Mu opioid receptors (MOR-1) mediate the biological actions of clinically used opioids such as morphine, oxycodone, and fentanyl. The mu opioid receptor gene, OPRM1, undergoes extensive alternative splicing, generating multiple splice variants. One type of splice variants are truncated variants containing only six transmembrane domains (6TM) that mediate the analgesic action of novel opioid drugs such as 3′-iodobenzoylnaltrexamide (IBNtxA). Previously, we have shown that IBNtxA is a potent analgesic effective in a spectrum of pain models but lacks many side-effects associated with traditional opiates. In order to investigate the targets labeled by IBNtxA, we synthesized two arylazido analogs of IBNtxA that allow photolabeling of mouse mu opioid receptors (mMOR-1) in transfected cell lines and mMOR-1 protein complexes that may comprise the 6TM sites in mouse brain. We demonstrate that both allyl and alkyne arylazido derivatives of IBNtxA efficiently radio-photolabeled mMOR-1 in cell lines and MOR-1 protein complexes expressed either exogenously or endogenously, as well as found in mouse brain. In future, design and application of such radio-photolabeling ligands with a conjugated handle will provide useful tools for further isolating or purifying MOR-1 to investigate site specific ligand–protein contacts and its signaling complexes.
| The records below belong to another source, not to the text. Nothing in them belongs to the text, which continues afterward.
(* Let $\sigma\in S_t$, $p\in S_k$ and $1\le s\le k$. (i) If for each $a\le s$ the word $p_ap_{a+1}\cdots p_{\min(a+t-1,k)}$ is not order-isomorphic to $\sigma_1\sigma_2\cdots\sigma_{\min(t,k-a+1)}$, then $\{1,2,\dots,s\}$ is reversibly deletable for $p$ with respect to $\{(\sigma,[t-1])\}$. (ii) If for each $a\le s$ the word $p_ap_{a+1}\cdots p_{\min(a+t-2,k)}$ is not order-isomorphic to $\sigma_1\sigma_2\cdots\sigma_{\min(t-1,k-a+1)}$, then $\{1,2,\dots,s\}$ is reversibly deletable for $p$ with respect to $\{(\sigma,[t-2])\}$.
   Context: Two words of distinct integers are order-isomorphic if they reduce to the same permutation. A vincular pattern $(\sigma,X)$, $\sigma\in S_\ell$, $X\subseteq[\ell-1]$, is contained in $\pi$ if some subsequence $\pi_{i_1}\cdots\pi_{i_\ell}$ ($i_1<\dots<i_\ell$) is order-isomorphic to $\sigma$ with $i_{x+1}=i_x+1$ for $x\in X$. For $p\in S_k$ and $w\in[n]^k$ with distinct letters order-isomorphic to $p$, $S_n^B(p;w)$ is the set of $B$-avoiding $\pi\in S_n$ with $\pi_i=w_i$ ($i\le k$). $d_R$ deletes entries in positions $R$ and reduces (for words: subtract from each remaining letter the number of deleted letters smaller than it). $R\subseteq[k]$ is reversibly deletable for $p$ w.r.t. $B$ if for every $n$ and $w$ with $S_n^B(p;w)\ne\emptyset$, $d_R$ is a bijection $S_n^B(p;w)\to S_{n-|R|}^B(d_R(p);d_R(w))$. *)

From mathcomp Require Import all_boot.
Set Implicit Arguments. Unset Strict Implicit. Unset Printing Implicit Defensive.

Definition is_perm (n : nat) (pi : seq nat) : Prop := perm_eq pi (iota 1 n).

Definition order_iso (u v : seq nat) : Prop :=
  size u = size v /\
  forall i j, i < size u -> j < size u ->
    (nth 0 u i < nth 0 u j) = (nth 0 v i < nth 0 v j).

(* vincular pattern (sigma, X): X is a list of (1-based) adjacency
   positions x in [l-1] forcing i_{x+1} = i_x + 1. Positions of pi are
   0-based in idx. *)
Definition contains_vinc (sigma : seq nat) (X : seq nat) (pi : seq nat) : Prop :=
  exists idx : seq nat,
    [/\ size idx = size sigma,
        sorted ltn idx,
        all (fun i => i < size pi) idx,
        order_iso [seq nth 0 pi i | i <- idx] sigma &
        forall x, x \in X -> 1 <= x -> x < size sigma ->
          nth 0 idx x = (nth 0 idx x.-1).+1].

Definition avoids (B : seq (seq nat * seq nat)) (pi : seq nat) : Prop :=
  forall sX, sX \in B -> ~ contains_vinc sX.1 sX.2 pi.

(* membership in S_n^B(p; w): B-avoiding permutations of S_n with prefix w
   (the set does not depend on p beyond the standing condition on w) *)
Definition SnB (n : nat) (B : seq (seq nat * seq nat)) (w pi : seq nat) : Prop :=
  [/\ is_perm n pi, avoids B pi & forall i, i < size w -> nth 0 pi i = nth 0 w i].

(* d_R : delete the entries in (1-based) positions R and reduce: subtract
   from each remaining letter the number of deleted letters smaller than it *)
Definition dR (R : seq nat) (u : seq nat) : seq nat :=
  let D := [seq nth 0 u i | i <- iota 0 (size u) & i.+1 \in R] in
  [seq nth 0 u i - count (fun y => y < nth 0 u i) D
     | i <- iota 0 (size u) & i.+1 \notin R].

Definition admissible_word (n k : nat) (p w : seq nat) : Prop :=
  [/\ size w = k, all (fun x => 0 < x <= n) w, uniq w & order_iso w p].

Definition rev_deletable (k : nat) (p : seq nat) (R : seq nat)
    (B : seq (seq nat * seq nat)) : Prop :=
  forall n w, admissible_word n k p w ->
    (exists pi, SnB n B w pi) ->
    [/\ (forall pi, SnB n B w pi -> SnB (n - size R) B (dR R w) (dR R pi)),
        (forall pi1 pi2, SnB n B w pi1 -> SnB n B w pi2 ->
            dR R pi1 = dR R pi2 -> pi1 = pi2) &
        (forall tau, SnB (n - size R) B (dR R w) tau ->
            exists2 pi, SnB n B w pi & dR R pi = tau)].

From mathcomp Require Import all_boot zify.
PROCESS FOR THE PREPARATION OF MORPHINANE COMPOUNDS

The invention describes the process of catalytic O-demethylation of 3-methoxy-morphinane compounds using boron tribromide. Addition of catalysts reduces the reaction time, improves reacting the substrate to give the product in very good purity and yield. The said approach can be used, for example, for the preparation of oxymorphone, naltrexone, naloxone and nalbuphine from their respective O-methyl derivatives.